EXERCISE DETAILS
All lines from the one with "Lemma sumL_ext l" to the end of the entries below must be written out exactly. Leave out any other line.

RECORDS
• • • • •

(* Assume either that $g$ satisfies A1–A4 (and $\mathfrak{D}\subset\mathbb{R}^{m\times d}$ is arbitrary), or that $(g,\mathfrak{D})$ satisfy B1–B4. Then for every $X\in\mathbb{R}^{m\times n}$ and all $D,D'\in\mathfrak{D}$, $$|F_X(D)-F_X(D')|\le L_X(\bar g)\,\|D-D'\|_{1\to2}.$$
   Context: A penalty is a function $g:\mathbb{R}^d\to\mathbb{R}\cup\{+\infty\}$. $\mathcal{L}_x(D,\alpha)=\tfrac12\|x-D\alpha\|_2^2+g(\alpha)$, $f_x(D)=\inf_\alpha\mathcal{L}_x(D,\alpha)$, $F_X(D)=\frac1n\sum_i f_{x_i}(D)$ for $X=[x_1,\dots,x_n]$. $\|\Delta\|_{1\to2}=\max_j\|\delta_j\|_2$. A1: $g\ge0$; A2: $g$ lower semi-continuous; A3: $g(\alpha)\to+\infty$ as $\|\alpha\|\to\infty$; A4: $g(0)=0$. B1: $g=\chi_{\mathcal K}$ is the indicator of a set $\mathcal K$ ($0$ on $\mathcal K$, $+\infty$ outside); B2: there is $\kappa>0$ with $\kappa\|\alpha\|_1^2\le\|D\alpha\|_2^2$ for all $\alpha\in\mathcal K$, $D\in\mathfrak{D}$; B3: $0\in\mathcal K$; B4: $\mathfrak{D}$ convex. $\bar g(t)=\sup\{\|\alpha\|_1: g(\alpha)\le t\}$ under A1–A4, and $\bar g(t)=2\sqrt{2t/\kappa}$ under B1–B4. $L_X(\bar g)=\frac1n\sum_i\|x_i\|_2\,\bar g(\|x_i\|_2^2/2)$. *)

From mathcomp Require Import ssreflect ssrfun ssrbool eqtype ssrnat seq fintype.
From Stdlib Require Import Reals ClassicalEpsilon.
Open Scope R_scope.

Inductive Rbar : Type := Fin (r : R) | PInf.

Definition Rbar_le_R (a : Rbar) (t : R) : Prop :=
  match a with Fin r => r <= t | PInf => False end.
Definition R_lt_Rbar (t : R) (a : Rbar) : Prop :=
  match a with Fin r => t < r | PInf => True end.

Definition vec (n : nat) := 'I_n -> R.
Definition mat (m n : nat) := 'I_m -> 'I_n -> R.

Definition sumI {n : nat} (f : 'I_n -> R) : R := foldr Rplus 0 (map f (enum 'I_n)).
Definition maxI {n : nat} (f : 'I_n -> R) : R := foldr Rmax 0 (map f (enum 'I_n)).

Definition norm2 {n : nat} (v : vec n) : R := sqrt (sumI (fun i => v i ^ 2)).
Definition norm1 {n : nat} (v : vec n) : R := sumI (fun i => Rabs (v i)).

Definition vsub {n : nat} (u v : vec n) : vec n := fun i => u i - v i.
Definition vzero (n : nat) : vec n := fun _ => 0.
Definition msub {m n : nat} (A B : mat m n) : mat m n := fun i j => A i j - B i j.
Definition mulmv {m d : nat} (D : mat m d) (a : vec d) : vec m :=
  fun i => sumI (fun j => D i j * a j).
Definition column {m n : nat} (A : mat m n) (j : 'I_n) : vec m := fun i => A i j.

(* ||Δ||_{1->2} = max_j ||δ_j||_2 (0 when d = 0) *)
Definition norm12 {m d : nat} (A : mat m d) : R := maxI (fun j => norm2 (column A j)).

Definition Lcal {m d : nat} (g : vec d -> Rbar) (x : vec m) (D : mat m d) (a : vec d)
  : Rbar :=
  match g a with
  | Fin r => Fin (/2 * (norm2 (vsub x (mulmv D a))) ^ 2 + r)
  | PInf => PInf
  end.

Definition is_glb (S : R -> Prop) (r : R) : Prop :=
  (forall v, S v -> r <= v) /\ (forall b, (forall v, S v -> b <= v) -> b <= r).

(* f_x(D) = inf_α L_x(D, α)  (infimum of the finite values; under the
   hypotheses a finite value exists since g(0)=0 / 0 ∈ K) *)
Definition f_x {m d : nat} (g : vec d -> Rbar) (x : vec m) (D : mat m d) : R :=
  epsilon (inhabits 0) (is_glb (fun v => exists a, Lcal g x D a = Fin v)).

Definition F_X {m d n : nat} (g : vec d -> Rbar) (X : mat m n) (D : mat m d) : R :=
  / INR n * sumI (fun k => f_x g (column X k) D).

Definition gbarA {d : nat} (g : vec d -> Rbar) (t : R) : R :=
  epsilon (inhabits 0)
    (is_lub (fun s => exists a, Rbar_le_R (g a) t /\ s = norm1 a)).

Definition gbarB (kappa t : R) : R := 2 * sqrt (2 * t / kappa).

Definition L_X {m n : nat} (gbar : R -> R) (X : mat m n) : R :=
  / INR n * sumI (fun k => norm2 (column X k) * gbar (norm2 (column X k) ^ 2 / 2)).

Definition hypA1 {d : nat} (g : vec d -> Rbar) : Prop :=
  forall a, match g a with Fin r => 0 <= r | PInf => True end.
(* lower semi-continuity: {α | t < g α} is open for every real t *)
Definition hypA2 {d : nat} (g : vec d -> Rbar) : Prop :=
  forall a t, R_lt_Rbar t (g a) ->
    exists delta, 0 < delta /\
      forall b, norm2 (vsub b a) < delta -> R_lt_Rbar t (g b).
(* coercivity: g(α) -> +oo as ||α|| -> oo *)
Definition hypA3 {d : nat} (g : vec d -> Rbar) : Prop :=
  forall M, exists Rr, forall a, Rr < norm2 a -> R_lt_Rbar M (g a).
Definition hypA4 {d : nat} (g : vec d -> Rbar) : Prop := g (vzero d) = Fin 0.

Definition hypB1 {d : nat} (g : vec d -> Rbar) (K : vec d -> Prop) : Prop :=
  forall a, g a = (match excluded_middle_informative (K a) with
                   | left _ => Fin 0 | right _ => PInf end).
Definition hypB2 {m d : nat} (K : vec d -> Prop) (kappa : R) (Dset : mat m d -> Prop)
  : Prop :=
  0 < kappa /\
  forall a D, K a -> Dset D -> kappa * (norm1 a) ^ 2 <= (norm2 (mulmv D a)) ^ 2.
Definition hypB3 {d : nat} (K : vec d -> Prop) : Prop := K (vzero d).
Definition hypB4 {m d : nat} (Dset : mat m d -> Prop) : Prop :=
  forall D D' t, Dset D -> Dset D' -> 0 <= t <= 1 ->
    Dset (fun i j => t * D i j + (1 - t) * D' i j).

(* Fix a signal x and write ρ_D(α) = ||x - Dα||_2, so that
   L_x(D,α) = ρ_D(α)^2/2 + g(α).  Since ||(D - D')α||_2 <= ||α||_1 ||D - D'||_{1->2},
   every α gives f_x(D') <= (ρ_D(α) + ||α||_1 N)^2/2 + g(α) with N = ||D - D'||_{1->2}.
   Taking for α an ε-minimiser of L_x(D,.) whose value does not exceed
   L_x(D,0) = ||x||^2/2 (it exists because g(0) = 0), we get ρ_D(α) <= ||x|| and
   g(α) <= ||x||^2/2; the hypotheses (A1-A4, resp. B1-B3) then give
   ||α||_1 <= G := ḡ(||x||^2/2), hence the local quadratic bound
       f_x(D') <= f_x(D) + ||x|| G N + G^2 N^2 / 2.
   No minimiser is needed.
   A local bound of the form c N + K N^2 on a convex set of dictionaries
   integrates along segments (subdivide and let the mesh go to 0) into the
   global Lipschitz bound |f_x(D) - f_x(D')| <= c N, and averaging over the
   columns of X gives the theorem. *)

From mathcomp Require Import ssreflect ssrfun ssrbool eqtype ssrnat seq fintype.
From Stdlib Require Import Reals ClassicalEpsilon Lra Psatz Lia FunctionalExtensionality.
Open Scope R_scope.

Definition sumL {T : Type} (l : seq T) (f : T -> R) : R := foldr Rplus 0 (map f l).

Lemma sumI_sumL n (f : 'I_n -> R) : sumI f = @sumL 'I_n (enum 'I_n) f.
Proof. by []. Qed.

Section ListSums.
Context {T : Type}.
Implicit Types (l : seq T) (f h : T -> R).

Lemma sumL_cons a l f : sumL (a :: l) f = f a + sumL l f.
Proof. by []. Qed.

Lemma sumL_ext l f h : (forall x, f x = h x) -> sumL l f = sumL l h.
Proof. by move=> fh; elim: l => [|a l IH] //; rewrite !sumL_cons IH fh. Qed.

Lemma sumL_add l f h : sumL l (fun x => f x + h x) = sumL l f + sumL l h.
Proof. elim: l => [|a l IH]; rewrite ?sumL_cons ?IH /=; [rewrite /sumL /=|]; lra. Qed.

Lemma sumL_scal l c f : sumL l (fun x => c * f x) = c * sumL l f.
Proof. elim: l => [|a l IH]; rewrite ?sumL_cons ?IH; [rewrite /sumL /=|]; lra. Qed.

Lemma sumL_sub l f h : sumL l (fun x => f x - h x) = sumL l f - sumL l h.
Proof. elim: l => [|a l IH]; rewrite ?sumL_cons ?IH; [rewrite /sumL /=|]; lra. Qed.

Lemma sumL_le l f h : (forall x, f x <= h x) -> sumL l f <= sumL l h.
Proof.
move=> fh; elim: l => [|a l IH]; rewrite ?sumL_cons; first by rewrite /sumL /=; lra.
by have := fh a; lra.
Qed.

Lemma sumL_nonneg l f : (forall x, 0 <= f x) -> 0 <= sumL l f.
Proof.
move=> f0; elim: l => [|a l IH]; rewrite ?sumL_cons; first by rewrite /sumL /=; lra.
by have := f0 a; lra.
Qed.

Lemma sumL_abs l f : Rabs (sumL l f) <= sumL l (fun x => Rabs (f x)).
Proof.
elim: l => [|a l IH]; rewrite ?sumL_cons; first by rewrite /sumL /= Rabs_R0; lra.
by have := Rabs_triang (f a) (sumL l f); lra.
Qed.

• • • • •

COMPLETED TASK
Lemma sumL_ext l f h : (forall x, f x = h x) -> sumL l f = sumL l h.
Proof. by move=> fh; elim: l => [|a l IH] //; rewrite !sumL_cons IH fh. Qed.

Lemma sumL_add l f h : sumL l (fun x => f x + h x) = sumL l f + sumL l h.
Proof. elim: l => [|a l IH]; rewrite ?sumL_cons ?IH /=; [rewrite /sumL /=|]; lra. Qed.

Lemma sumL_scal l c f : sumL l (fun x => c * f x) = c * sumL l f.
Proof. elim: l => [|a l IH]; rewrite ?sumL_cons ?IH; [rewrite /sumL /=|]; lra. Qed.

Lemma sumL_sub l f h : sumL l (fun x => f x - h x) = sumL l f - sumL l h.
Proof. elim: l => [|a l IH]; rewrite ?sumL_cons ?IH; [rewrite /sumL /=|]; lra. Qed.

Lemma sumL_le l f h : (forall x, f x <= h x) -> sumL l f <= sumL l h.
Proof.
move=> fh; elim: l => [|a l IH]; rewrite ?sumL_cons; first by rewrite /sumL /=; lra.
by have := fh a; lra.
Qed.

Lemma sumL_nonneg l f : (forall x, 0 <= f x) -> 0 <= sumL l f.
Proof.
move=> f0; elim: l => [|a l IH]; rewrite ?sumL_cons; first by rewrite /sumL /=; lra.
by have := f0 a; lra.
Qed.

Lemma sumL_abs l f : Rabs (sumL l f) <= sumL l (fun x => Rabs (f x)).
Proof.
elim: l => [|a l IH]; rewrite ?sumL_cons; first by rewrite /sumL /= Rabs_R0; lra.
by have := Rabs_triang (f a) (sumL l f); lra.
Qed.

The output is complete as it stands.